What to produce
In the entries that follow, find the line containing "Lemma dist2_sym (p"; from there, copy every line exactly through the line containing "Lemma dist2_sqr (p".

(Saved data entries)
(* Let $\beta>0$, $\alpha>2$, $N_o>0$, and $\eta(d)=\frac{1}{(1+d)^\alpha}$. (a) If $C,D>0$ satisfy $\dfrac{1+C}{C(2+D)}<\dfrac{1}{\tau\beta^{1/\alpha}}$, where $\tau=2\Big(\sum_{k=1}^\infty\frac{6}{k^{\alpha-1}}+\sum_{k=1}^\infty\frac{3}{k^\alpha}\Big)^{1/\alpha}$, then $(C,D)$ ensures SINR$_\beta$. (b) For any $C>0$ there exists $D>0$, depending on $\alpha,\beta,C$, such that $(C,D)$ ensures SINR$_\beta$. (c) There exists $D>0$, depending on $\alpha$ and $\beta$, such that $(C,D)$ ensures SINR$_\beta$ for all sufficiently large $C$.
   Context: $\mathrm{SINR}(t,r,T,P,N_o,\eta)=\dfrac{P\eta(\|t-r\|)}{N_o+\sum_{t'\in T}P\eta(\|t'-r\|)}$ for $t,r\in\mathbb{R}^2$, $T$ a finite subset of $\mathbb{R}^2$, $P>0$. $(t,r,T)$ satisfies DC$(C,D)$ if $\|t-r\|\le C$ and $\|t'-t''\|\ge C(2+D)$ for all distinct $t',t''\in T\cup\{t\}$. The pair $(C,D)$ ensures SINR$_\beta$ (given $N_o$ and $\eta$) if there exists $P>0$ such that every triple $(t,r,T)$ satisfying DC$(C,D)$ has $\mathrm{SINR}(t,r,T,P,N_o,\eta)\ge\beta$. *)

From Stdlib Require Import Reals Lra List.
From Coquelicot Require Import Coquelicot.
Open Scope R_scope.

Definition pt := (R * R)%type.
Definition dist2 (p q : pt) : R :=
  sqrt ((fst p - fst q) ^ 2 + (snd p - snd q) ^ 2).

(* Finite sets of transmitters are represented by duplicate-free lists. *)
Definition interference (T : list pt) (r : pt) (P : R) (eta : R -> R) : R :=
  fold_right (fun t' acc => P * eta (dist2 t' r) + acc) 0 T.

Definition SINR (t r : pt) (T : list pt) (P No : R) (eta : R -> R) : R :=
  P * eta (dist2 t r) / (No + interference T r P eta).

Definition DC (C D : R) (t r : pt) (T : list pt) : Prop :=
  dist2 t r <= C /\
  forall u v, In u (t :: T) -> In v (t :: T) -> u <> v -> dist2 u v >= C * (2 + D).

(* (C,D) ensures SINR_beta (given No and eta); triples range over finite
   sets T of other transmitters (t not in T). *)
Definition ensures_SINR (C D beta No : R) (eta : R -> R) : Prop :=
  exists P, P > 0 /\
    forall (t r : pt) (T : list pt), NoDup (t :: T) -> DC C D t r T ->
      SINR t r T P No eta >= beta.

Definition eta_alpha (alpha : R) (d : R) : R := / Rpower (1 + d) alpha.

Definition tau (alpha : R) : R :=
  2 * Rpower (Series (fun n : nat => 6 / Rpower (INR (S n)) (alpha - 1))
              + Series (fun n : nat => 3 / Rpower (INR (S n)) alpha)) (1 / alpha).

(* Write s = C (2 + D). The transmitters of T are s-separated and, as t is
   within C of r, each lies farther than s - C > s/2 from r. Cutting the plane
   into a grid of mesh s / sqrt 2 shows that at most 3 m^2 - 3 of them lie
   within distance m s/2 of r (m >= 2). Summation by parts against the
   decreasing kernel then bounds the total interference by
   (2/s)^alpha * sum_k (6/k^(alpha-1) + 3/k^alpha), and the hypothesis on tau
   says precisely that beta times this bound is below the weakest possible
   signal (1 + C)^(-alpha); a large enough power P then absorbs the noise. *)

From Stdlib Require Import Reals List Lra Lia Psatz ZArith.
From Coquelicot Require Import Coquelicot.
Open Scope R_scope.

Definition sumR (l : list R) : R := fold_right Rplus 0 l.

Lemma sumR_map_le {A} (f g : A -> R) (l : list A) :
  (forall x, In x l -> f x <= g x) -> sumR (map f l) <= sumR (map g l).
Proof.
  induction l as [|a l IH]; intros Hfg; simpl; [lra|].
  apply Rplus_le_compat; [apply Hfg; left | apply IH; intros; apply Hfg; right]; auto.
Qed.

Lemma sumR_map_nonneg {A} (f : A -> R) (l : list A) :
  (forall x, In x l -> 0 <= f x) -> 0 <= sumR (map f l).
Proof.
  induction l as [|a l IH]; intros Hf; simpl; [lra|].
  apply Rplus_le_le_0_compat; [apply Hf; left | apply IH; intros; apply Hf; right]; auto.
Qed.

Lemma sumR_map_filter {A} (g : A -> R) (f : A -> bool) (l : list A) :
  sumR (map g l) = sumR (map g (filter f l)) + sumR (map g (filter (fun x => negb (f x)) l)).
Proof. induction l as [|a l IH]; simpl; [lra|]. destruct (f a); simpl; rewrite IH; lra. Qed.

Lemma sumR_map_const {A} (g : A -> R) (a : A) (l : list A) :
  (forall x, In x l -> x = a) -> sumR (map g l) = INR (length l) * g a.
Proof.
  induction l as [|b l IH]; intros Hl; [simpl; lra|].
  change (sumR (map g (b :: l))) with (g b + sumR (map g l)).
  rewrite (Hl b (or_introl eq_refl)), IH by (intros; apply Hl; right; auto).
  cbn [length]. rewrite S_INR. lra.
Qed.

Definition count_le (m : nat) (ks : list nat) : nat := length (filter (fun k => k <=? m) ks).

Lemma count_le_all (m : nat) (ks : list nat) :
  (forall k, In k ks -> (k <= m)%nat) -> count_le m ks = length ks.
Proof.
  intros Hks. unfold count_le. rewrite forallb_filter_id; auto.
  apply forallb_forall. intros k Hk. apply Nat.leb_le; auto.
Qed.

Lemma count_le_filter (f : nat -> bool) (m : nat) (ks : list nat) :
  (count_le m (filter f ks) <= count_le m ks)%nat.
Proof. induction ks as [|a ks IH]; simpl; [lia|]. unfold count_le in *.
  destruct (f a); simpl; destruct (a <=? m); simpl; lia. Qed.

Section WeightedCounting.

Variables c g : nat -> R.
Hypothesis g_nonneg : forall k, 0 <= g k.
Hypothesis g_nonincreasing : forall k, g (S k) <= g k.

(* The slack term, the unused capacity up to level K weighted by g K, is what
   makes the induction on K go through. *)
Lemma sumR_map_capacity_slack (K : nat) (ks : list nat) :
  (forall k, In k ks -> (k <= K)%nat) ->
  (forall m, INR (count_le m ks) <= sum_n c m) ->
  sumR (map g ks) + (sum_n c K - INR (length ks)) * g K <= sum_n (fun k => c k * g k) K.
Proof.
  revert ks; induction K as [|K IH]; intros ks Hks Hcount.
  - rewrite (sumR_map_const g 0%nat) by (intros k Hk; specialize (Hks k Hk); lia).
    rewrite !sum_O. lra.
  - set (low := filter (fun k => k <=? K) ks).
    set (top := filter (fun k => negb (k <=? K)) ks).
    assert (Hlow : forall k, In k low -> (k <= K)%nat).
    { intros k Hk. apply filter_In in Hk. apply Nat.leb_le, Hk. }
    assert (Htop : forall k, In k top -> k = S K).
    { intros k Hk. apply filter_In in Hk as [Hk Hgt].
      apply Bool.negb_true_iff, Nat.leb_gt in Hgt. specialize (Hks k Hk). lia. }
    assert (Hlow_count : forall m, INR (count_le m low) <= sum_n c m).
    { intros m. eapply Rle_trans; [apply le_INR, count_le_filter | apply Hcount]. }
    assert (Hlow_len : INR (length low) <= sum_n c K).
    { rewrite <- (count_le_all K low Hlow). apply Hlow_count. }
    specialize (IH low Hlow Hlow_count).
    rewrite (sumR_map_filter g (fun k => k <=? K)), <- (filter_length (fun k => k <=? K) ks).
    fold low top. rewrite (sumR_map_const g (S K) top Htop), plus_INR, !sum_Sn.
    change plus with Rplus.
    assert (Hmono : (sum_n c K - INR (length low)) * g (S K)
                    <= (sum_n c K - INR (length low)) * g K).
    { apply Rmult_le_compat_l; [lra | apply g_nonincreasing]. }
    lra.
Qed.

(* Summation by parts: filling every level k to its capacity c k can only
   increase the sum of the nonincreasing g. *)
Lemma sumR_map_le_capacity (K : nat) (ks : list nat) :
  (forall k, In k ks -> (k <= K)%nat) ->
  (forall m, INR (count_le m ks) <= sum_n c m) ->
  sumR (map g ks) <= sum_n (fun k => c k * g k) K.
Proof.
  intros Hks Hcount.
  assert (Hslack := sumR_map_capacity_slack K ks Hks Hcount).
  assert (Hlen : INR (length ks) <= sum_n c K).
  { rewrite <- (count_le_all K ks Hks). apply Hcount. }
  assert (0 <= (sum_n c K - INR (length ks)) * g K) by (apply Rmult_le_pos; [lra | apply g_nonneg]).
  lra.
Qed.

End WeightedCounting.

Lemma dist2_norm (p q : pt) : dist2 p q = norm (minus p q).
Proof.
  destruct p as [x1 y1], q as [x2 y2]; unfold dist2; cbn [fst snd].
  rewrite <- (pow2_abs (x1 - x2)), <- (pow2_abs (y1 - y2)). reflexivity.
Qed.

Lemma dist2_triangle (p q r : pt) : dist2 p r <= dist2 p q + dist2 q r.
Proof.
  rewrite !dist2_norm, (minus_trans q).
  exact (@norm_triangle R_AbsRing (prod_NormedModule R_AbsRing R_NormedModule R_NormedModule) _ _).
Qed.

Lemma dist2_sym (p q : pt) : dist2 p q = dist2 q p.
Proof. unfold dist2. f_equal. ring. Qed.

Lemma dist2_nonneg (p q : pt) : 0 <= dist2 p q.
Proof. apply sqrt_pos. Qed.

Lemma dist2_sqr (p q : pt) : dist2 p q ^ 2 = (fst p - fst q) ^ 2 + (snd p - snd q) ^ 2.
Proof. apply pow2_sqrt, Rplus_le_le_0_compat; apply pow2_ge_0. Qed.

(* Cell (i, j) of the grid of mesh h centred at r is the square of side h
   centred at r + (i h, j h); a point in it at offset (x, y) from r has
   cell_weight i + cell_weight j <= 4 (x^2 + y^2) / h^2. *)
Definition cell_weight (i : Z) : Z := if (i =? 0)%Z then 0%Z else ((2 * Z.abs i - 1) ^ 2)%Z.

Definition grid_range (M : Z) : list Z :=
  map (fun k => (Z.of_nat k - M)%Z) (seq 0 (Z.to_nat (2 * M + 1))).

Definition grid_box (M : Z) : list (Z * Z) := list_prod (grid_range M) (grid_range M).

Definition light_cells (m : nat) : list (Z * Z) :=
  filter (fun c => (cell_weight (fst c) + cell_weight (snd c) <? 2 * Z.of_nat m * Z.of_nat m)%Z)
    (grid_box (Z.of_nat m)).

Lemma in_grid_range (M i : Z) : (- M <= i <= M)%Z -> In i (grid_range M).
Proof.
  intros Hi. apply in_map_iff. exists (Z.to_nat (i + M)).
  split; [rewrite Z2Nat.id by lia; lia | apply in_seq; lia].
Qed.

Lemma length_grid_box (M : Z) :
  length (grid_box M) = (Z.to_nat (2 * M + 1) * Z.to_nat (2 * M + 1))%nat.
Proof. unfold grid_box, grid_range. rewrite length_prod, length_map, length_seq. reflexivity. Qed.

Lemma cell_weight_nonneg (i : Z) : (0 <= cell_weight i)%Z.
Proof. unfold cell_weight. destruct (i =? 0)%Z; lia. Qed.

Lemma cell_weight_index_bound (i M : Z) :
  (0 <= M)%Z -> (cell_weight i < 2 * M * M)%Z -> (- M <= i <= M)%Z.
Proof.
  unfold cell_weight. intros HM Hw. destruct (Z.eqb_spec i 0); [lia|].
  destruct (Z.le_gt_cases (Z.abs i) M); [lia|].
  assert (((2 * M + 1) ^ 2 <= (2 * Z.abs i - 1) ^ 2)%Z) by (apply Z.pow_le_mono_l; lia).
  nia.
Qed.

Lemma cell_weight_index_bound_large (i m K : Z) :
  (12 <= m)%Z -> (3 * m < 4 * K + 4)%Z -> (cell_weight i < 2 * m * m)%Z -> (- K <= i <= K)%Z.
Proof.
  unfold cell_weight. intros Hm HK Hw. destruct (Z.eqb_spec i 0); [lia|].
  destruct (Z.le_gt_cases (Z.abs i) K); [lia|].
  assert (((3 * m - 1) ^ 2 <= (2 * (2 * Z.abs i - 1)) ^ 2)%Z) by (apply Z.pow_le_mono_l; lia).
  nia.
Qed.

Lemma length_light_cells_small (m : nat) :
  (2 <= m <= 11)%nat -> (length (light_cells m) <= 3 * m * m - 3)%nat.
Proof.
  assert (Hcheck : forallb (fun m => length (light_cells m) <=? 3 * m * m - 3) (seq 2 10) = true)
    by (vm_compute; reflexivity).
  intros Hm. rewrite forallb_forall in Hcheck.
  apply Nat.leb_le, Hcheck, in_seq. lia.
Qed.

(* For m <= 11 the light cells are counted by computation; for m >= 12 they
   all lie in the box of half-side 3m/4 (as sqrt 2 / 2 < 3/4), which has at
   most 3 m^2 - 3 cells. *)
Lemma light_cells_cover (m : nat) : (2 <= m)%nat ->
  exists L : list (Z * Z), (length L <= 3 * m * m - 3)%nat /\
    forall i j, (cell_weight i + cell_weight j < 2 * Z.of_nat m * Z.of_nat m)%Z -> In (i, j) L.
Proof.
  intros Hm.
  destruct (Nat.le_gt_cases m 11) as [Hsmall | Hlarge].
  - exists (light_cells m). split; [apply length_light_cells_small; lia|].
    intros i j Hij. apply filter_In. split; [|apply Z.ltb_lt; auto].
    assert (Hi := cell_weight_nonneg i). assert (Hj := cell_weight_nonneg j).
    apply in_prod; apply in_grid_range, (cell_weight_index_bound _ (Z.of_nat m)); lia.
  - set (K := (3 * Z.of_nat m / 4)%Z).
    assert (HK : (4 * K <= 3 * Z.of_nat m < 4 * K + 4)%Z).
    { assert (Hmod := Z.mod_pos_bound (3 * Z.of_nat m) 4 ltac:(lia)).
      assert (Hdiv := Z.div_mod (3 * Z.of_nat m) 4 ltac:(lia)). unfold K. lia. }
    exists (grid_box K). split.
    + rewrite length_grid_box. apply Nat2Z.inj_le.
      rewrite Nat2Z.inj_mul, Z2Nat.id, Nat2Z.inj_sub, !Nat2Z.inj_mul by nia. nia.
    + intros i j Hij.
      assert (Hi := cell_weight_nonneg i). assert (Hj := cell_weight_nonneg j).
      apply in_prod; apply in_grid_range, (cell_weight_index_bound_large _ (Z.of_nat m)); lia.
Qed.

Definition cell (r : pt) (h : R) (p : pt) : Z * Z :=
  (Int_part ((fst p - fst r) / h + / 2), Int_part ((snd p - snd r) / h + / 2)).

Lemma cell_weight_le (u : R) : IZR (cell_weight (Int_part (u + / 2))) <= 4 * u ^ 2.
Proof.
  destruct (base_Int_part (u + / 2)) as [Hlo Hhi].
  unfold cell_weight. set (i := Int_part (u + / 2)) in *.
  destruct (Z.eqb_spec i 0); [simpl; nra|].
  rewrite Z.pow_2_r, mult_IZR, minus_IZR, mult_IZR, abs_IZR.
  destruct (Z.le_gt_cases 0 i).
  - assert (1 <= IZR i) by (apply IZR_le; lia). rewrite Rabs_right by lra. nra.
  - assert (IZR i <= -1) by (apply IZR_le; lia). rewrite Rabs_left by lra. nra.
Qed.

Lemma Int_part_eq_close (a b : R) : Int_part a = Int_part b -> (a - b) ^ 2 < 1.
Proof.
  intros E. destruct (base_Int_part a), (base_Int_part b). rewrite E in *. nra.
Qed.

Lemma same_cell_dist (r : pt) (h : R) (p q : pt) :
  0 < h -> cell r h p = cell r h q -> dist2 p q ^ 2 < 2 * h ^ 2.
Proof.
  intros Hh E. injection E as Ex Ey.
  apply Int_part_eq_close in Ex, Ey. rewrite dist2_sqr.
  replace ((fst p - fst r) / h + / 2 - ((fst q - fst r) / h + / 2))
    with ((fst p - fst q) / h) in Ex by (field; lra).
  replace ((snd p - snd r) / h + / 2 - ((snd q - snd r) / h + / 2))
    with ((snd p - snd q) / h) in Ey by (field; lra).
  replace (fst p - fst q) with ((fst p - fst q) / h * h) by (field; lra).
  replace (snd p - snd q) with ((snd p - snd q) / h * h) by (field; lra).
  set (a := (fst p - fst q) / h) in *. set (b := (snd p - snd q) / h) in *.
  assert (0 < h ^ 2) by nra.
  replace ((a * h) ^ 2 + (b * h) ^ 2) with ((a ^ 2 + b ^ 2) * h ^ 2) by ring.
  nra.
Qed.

---

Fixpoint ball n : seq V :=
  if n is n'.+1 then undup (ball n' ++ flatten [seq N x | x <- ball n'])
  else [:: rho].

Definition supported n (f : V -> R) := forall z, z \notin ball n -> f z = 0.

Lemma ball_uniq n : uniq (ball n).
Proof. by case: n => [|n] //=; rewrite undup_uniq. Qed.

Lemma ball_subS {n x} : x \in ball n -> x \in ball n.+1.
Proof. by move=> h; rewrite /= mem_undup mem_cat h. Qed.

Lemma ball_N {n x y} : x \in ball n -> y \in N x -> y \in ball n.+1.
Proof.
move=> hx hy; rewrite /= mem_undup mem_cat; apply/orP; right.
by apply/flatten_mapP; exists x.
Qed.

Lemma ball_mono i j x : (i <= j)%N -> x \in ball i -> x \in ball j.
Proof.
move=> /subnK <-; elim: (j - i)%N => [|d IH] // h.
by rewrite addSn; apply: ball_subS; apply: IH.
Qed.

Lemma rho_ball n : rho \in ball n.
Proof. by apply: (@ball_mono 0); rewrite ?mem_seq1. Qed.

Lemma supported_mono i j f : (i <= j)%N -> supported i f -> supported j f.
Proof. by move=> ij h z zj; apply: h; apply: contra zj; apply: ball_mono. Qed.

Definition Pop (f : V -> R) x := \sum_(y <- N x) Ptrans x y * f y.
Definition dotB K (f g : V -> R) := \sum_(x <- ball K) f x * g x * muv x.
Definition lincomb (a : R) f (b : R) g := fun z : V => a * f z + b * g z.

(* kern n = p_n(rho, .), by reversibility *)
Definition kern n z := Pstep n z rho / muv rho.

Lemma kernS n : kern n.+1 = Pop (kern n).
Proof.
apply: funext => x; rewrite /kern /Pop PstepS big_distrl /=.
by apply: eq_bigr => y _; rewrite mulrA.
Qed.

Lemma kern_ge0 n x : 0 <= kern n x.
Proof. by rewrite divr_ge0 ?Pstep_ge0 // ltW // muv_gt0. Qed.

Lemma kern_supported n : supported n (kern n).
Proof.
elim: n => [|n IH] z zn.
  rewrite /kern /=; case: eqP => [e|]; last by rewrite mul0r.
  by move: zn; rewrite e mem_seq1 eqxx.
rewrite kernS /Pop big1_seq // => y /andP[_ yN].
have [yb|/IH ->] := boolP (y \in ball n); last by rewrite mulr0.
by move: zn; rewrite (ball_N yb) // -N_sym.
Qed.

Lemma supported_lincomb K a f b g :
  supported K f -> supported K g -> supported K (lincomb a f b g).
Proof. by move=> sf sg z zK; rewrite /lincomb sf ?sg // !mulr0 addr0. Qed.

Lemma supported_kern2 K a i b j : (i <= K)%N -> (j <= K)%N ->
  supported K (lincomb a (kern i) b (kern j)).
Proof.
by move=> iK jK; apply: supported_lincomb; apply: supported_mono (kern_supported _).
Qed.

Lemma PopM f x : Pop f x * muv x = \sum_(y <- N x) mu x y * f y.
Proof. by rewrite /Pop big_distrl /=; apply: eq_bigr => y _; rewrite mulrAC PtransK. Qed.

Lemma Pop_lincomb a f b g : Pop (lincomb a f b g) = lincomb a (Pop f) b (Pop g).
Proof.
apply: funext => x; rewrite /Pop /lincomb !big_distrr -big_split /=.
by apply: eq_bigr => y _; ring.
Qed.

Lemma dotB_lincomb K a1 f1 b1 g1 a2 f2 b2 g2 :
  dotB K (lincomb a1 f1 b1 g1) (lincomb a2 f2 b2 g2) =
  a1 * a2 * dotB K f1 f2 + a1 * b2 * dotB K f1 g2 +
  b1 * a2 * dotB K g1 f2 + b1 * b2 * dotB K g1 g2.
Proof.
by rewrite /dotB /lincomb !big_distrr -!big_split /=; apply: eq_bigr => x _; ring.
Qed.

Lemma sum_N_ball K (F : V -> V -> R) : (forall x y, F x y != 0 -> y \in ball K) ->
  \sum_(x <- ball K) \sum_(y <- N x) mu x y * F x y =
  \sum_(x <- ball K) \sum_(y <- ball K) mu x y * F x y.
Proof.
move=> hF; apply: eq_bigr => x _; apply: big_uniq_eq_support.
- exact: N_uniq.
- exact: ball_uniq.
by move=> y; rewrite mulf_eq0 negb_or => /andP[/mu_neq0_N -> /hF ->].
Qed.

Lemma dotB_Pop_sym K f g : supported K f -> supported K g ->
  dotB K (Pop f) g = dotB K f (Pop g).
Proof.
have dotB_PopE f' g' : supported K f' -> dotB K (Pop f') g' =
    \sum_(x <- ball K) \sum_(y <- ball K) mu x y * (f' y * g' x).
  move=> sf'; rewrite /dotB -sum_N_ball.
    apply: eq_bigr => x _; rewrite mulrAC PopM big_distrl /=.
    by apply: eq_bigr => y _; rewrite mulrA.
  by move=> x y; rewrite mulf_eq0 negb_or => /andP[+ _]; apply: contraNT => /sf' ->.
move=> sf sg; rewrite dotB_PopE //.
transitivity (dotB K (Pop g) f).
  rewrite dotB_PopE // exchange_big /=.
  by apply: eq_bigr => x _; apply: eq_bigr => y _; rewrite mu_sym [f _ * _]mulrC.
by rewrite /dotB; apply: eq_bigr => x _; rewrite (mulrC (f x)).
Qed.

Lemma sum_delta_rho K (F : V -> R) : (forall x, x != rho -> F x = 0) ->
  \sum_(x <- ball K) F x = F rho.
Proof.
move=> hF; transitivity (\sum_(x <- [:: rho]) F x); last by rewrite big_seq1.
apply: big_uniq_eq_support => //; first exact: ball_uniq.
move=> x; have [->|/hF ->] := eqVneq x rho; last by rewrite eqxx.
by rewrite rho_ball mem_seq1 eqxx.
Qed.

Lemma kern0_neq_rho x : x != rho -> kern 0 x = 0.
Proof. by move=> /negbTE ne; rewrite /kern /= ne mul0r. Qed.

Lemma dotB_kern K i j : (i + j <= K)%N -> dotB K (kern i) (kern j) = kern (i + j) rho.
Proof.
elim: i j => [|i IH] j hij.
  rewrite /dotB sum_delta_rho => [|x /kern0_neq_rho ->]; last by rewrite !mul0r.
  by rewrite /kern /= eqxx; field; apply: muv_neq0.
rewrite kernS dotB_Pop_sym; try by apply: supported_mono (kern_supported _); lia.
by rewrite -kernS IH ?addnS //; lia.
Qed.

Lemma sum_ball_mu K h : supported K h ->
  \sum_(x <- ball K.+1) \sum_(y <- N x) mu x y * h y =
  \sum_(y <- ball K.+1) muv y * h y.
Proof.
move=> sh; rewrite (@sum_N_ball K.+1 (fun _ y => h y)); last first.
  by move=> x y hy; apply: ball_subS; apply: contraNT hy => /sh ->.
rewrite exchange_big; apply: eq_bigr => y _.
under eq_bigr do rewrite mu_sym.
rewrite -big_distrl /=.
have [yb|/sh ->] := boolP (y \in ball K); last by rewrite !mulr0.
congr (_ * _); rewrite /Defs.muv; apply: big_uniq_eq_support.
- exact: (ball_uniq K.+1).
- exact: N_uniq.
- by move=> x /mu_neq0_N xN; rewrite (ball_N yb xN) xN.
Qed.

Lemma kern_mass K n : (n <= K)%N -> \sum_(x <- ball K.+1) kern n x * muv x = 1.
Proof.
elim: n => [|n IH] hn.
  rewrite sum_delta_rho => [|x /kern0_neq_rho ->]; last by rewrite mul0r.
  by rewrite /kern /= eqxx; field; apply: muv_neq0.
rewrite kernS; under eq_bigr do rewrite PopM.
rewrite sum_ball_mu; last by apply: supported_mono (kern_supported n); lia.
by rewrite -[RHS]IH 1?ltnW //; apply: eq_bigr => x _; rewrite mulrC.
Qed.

Answer area
Lemma dist2_sym (p q : pt) : dist2 p q = dist2 q p.
Proof. unfold dist2. f_equal. ring. Qed.

Lemma dist2_nonneg (p q : pt) : 0 <= dist2 p q.
Proof. apply sqrt_pos. Qed.

Lemma dist2_sqr (p q : pt) : dist2 p q ^ 2 = (fst p - fst q) ^ 2 + (snd p - snd q) ^ 2.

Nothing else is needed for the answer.